> _Problem details_:
Using the entries that follow, write out the line containing "have xC0 : x", the line containing "set a := fun z => a_of (alpha z).", and every line between them, exactly and nothing else.

> _Provided records_:

(* Let $\mathcal{S}=(S,\overline{S})$ be a bisection of minimal potential. Then for all $x\in S$ and $y\in\overline{S}$, $$\mathrm{def}_{\mathcal{S}}(x)+\mathrm{def}_{\mathcal{S}}(y)+2W(x,y)\ge a_x-a_y.$$
   Context: $G$ is a finite simple undirected graph with an odd number $n$ of vertices, each vertex $x$ having stubbornness $\alpha_x\in(0,1)$ and $a_x=\lfloor\alpha_x/(1-\alpha_x)\rfloor$. For vertex sets $A,B$, $W(A,B)$ is the number of edges with one endpoint in $A$ and the other in $B$ (so $W(x,y)=1$ iff $x,y$ are adjacent). A bisection $(S,\overline{S})$ partitions the vertices with $|S|=\frac{n+1}{2}$, $|\overline{S}|=\frac{n-1}{2}$. Deficiency: $\mathrm{def}_{\mathcal{S}}(x)=W(x,S)-W(x,\overline{S})$ for $x\in S$, and $W(x,\overline{S})-W(x,S)$ for $x\in\overline{S}$. Potential: $\Phi(S,\overline{S})=W(S,\overline{S})+\frac12\big(\sum_{x\in S}a_x-\sum_{y\in\overline{S}}a_y\big)$. $\mathcal{S}$ has minimal potential if $\Phi(S,\overline{S})\le\Phi(S\setminus\{x\}\cup\{y\},\overline{S}\setminus\{y\}\cup\{x\})$ for all $x\in S$, $y\in\overline{S}$. *)

From mathcomp Require Import all_boot all_order all_algebra.
Set Implicit Arguments. Unset Strict Implicit. Unset Printing Implicit Defensive.
Import Order.TTheory GRing.Theory Num.Theory.
Local Open Scope ring_scope.

Definition simple_graph (T : finType) (e : rel T) : Prop :=
  symmetric e /\ irreflexive e.

(* W(A,B): number of edges with one endpoint in A and the other in B,
   counted as ordered pairs (u,v) with u in A, v in B, u ~ v.
   (Used only for disjoint A, B, where this is exactly the edge count.) *)
Definition W (T : finType) (e : rel T) (A B : {set T}) : nat :=
  #|[set p : T * T | [&& p.1 \in A, p.2 \in B & e p.1 p.2]]|.

Definition a_of (R : archiRealFieldType) (alpha : R) : int :=
  Num.floor (alpha / (1 - alpha)).

Definition bisection (T : finType) (S : {set T}) : Prop :=
  (#|S| = (#|T|).+1./2)%N.

Definition deficiency (T : finType) (e : rel T) (S : {set T}) (x : T) : int :=
  if x \in S then (W e [set x] S)%:Z - (W e [set x] (~: S))%:Z
  else (W e [set x] (~: S))%:Z - (W e [set x] S)%:Z.

Definition potential (R : archiRealFieldType) (T : finType) (e : rel T)
    (alpha : T -> R) (S : {set T}) : R :=
  (W e S (~: S))%:R
  + 2^-1 * ((\sum_(x in S) a_of (alpha x))%:~R
             - (\sum_(y in ~: S) a_of (alpha y))%:~R).

Definition minimal_potential (R : archiRealFieldType) (T : finType) (e : rel T)
    (alpha : T -> R) (S : {set T}) : Prop :=
  forall x y, x \in S -> y \notin S ->
    potential e alpha S <= potential e alpha (y |: (S :\ x)).

From mathcomp Require Import all_boot all_order all_algebra zify ring.
Import Order.TTheory GRing.Theory Num.Theory.
Local Open Scope ring_scope.

(* Swapping x in S with y outside S changes the cut W(S, ~S) by exactly
   def(x) + def(y) + 2 W(x,y) and the weight term of the potential by
   a_y - a_x, so minimality of the potential is the claimed inequality. *)

Section Swap.

Variable T : finType.
Implicit Types (A B S : {set T}) (x y : T).

Lemma setC_setU1D1 S x y : x \in S -> y \notin S ->
  ~: (y |: (S :\ x)) = x |: (~: S :\ y).
Proof.
move=> xS yS; apply/setP => z; rewrite !inE.
have yx : y != x by apply: contraNneq yS => ->.
have [->|zx] := eqVneq z x; first by rewrite xS eq_sym (negbTE yx).
have [->|zy] := eqVneq z y; first by rewrite yS.
by case: (z \in S).
Qed.

Lemma big_setU1D1 (V : nmodType) (f : T -> V) A x y : x \in A -> y \notin A ->
  \sum_(z in y |: (A :\ x)) f z + f x = \sum_(z in A) f z + f y.
Proof.
move=> xA yA; rewrite (big_setD1 x xA) big_setU1 ?inE ?(negbTE yA) ?andbF //=.
by rewrite addrAC [RHS]addrAC [f y + f x]addrC.
Qed.

Variable e : rel T.

Lemma W_sum A B : W e A B = (\sum_(u in A) \sum_(v in B) (e u v : nat))%N.
Proof.
rewrite /W -sum1_card pair_big_dep /= [RHS]big_mkcond [LHS]big_mkcond /=.
apply: eq_bigr => [[u v]] _; rewrite !inE /=.
by case: (u \in A); case: (v \in B); case: (e u v).
Qed.

Lemma W_setU1l x A B : x \notin A -> W e (x |: A) B = (W e [set x] B + W e A B)%N.
Proof. by move=> xA; rewrite !W_sum big_setU1 //= big_set1. Qed.

Lemma W_setU1r x A B : x \notin B -> W e A (x |: B) = (W e A [set x] + W e A B)%N.
Proof.
move=> xB; rewrite !W_sum -big_split /=; apply: eq_bigr => u _.
by rewrite big_setU1 //= big_set1.
Qed.

Lemma W_set1 x y : W e [set x] [set y] = e x y.
Proof. by rewrite W_sum !big_set1. Qed.

Hypothesis e_sym : symmetric e.
Hypothesis e_irr : irreflexive e.

Lemma W_sym A B : W e A B = W e B A.
Proof.
rewrite !W_sum exchange_big /=; apply: eq_bigr => u _.
by apply: eq_bigr => v _; rewrite e_sym.
Qed.

Lemma cut_swap S x y : x \in S -> y \notin S ->
  (W e (y |: (S :\ x)) (~: (y |: (S :\ x))))%:Z - (W e S (~: S))%:Z
  = deficiency e S x + deficiency e S y + 2 * (W e [set x] [set y])%:Z.
Proof.
move=> xS yS; rewrite setC_setU1D1 // /deficiency xS (negbTE yS).
set S0 := S :\ x; set C0 := ~: S :\ y.
have xS0 : x \notin S0 by rewrite !inE eqxx.
have yS0 : y \notin S0 by rewrite !inE (negbTE yS) andbF.
have xC0 : x \notin C0 by rewrite !inE xS andbF.
have yC0 : y \notin C0 by rewrite !inE eqxx.
have -> : ~: S = y |: C0 by rewrite setD1K // inE.
have -> : S = x |: S0 by rewrite setD1K.
rewrite !W_setU1l // !W_setU1r // !W_set1.
rewrite (W_sym S0 [set x]) (W_sym S0 [set y]) (e_sym y x) !e_irr.
lia.
Qed.

Lemma potential_swap (R : archiRealFieldType) (alpha : T -> R) S x y :
  x \in S -> y \notin S ->
  potential e alpha (y |: (S :\ x)) - potential e alpha S
  = (deficiency e S x + deficiency e S y + 2 * (W e [set x] [set y])%:Z
     + a_of (alpha y) - a_of (alpha x))%:~R.
Proof.
move=> xS yS; rewrite /potential -addrA rmorphD -cut_swap //.
set a := fun z => a_of (alpha z).
have sumS : \sum_(z in y |: (S :\ x)) a z = \sum_(z in S) a z + a y - a x.
  by rewrite -(@big_setU1D1 _ a _ _ _ xS yS) addrK.
have sumC : \sum_(z in ~: (y |: (S :\ x))) a z = \sum_(z in ~: S) a z + a x - a y.
  have yC : y \in ~: S by rewrite inE.
  have xC : x \notin ~: S by rewrite inE xS.
  by rewrite setC_setU1D1 // -(@big_setU1D1 _ a _ _ _ yC xC) addrK.
rewrite sumS sumC !(rmorphB, rmorphD) /=.
by field.
Qed.

End Swap.

Theorem lemma2 (R : archiRealFieldType) (T : finType) (e : rel T) (alpha : T -> R)
  (Hg : simple_graph e) (Hodd : odd #|T|)
  (Halpha : forall x, 0 < alpha x < 1)
  (S : {set T}) (HS : bisection S) (Hmin : minimal_potential e alpha S) :
  forall x y, x \in S -> y \notin S ->
    deficiency e S x + deficiency e S y + 2 * (W e [set x] [set y])%:Z
      >= a_of (alpha x) - a_of (alpha y).
Proof.
move=> x y xS yS; case: Hg => e_sym e_irr.
have := Hmin x y xS yS; rewrite -subr_ge0 potential_swap // ler0z.
lia.
Qed.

> _Completed exercise_:
have xC0 : x \notin C0 by rewrite !inE xS andbF.
have yC0 : y \notin C0 by rewrite !inE eqxx.
have -> : ~: S = y |: C0 by rewrite setD1K // inE.
have -> : S = x |: S0 by rewrite setD1K.
rewrite !W_setU1l // !W_setU1r // !W_set1.
rewrite (W_sym S0 [set x]) (W_sym S0 [set y]) (e_sym y x) !e_irr.
lia.
Qed.

Lemma potential_swap (R : archiRealFieldType) (alpha : T -> R) S x y :
  x \in S -> y \notin S ->
  potential e alpha (y |: (S :\ x)) - potential e alpha S
  = (deficiency e S x + deficiency e S y + 2 * (W e [set x] [set y])%:Z
     + a_of (alpha y) - a_of (alpha x))%:~R.
Proof.
move=> xS yS; rewrite /potential -addrA rmorphD -cut_swap //.
set a := fun z => a_of (alpha z).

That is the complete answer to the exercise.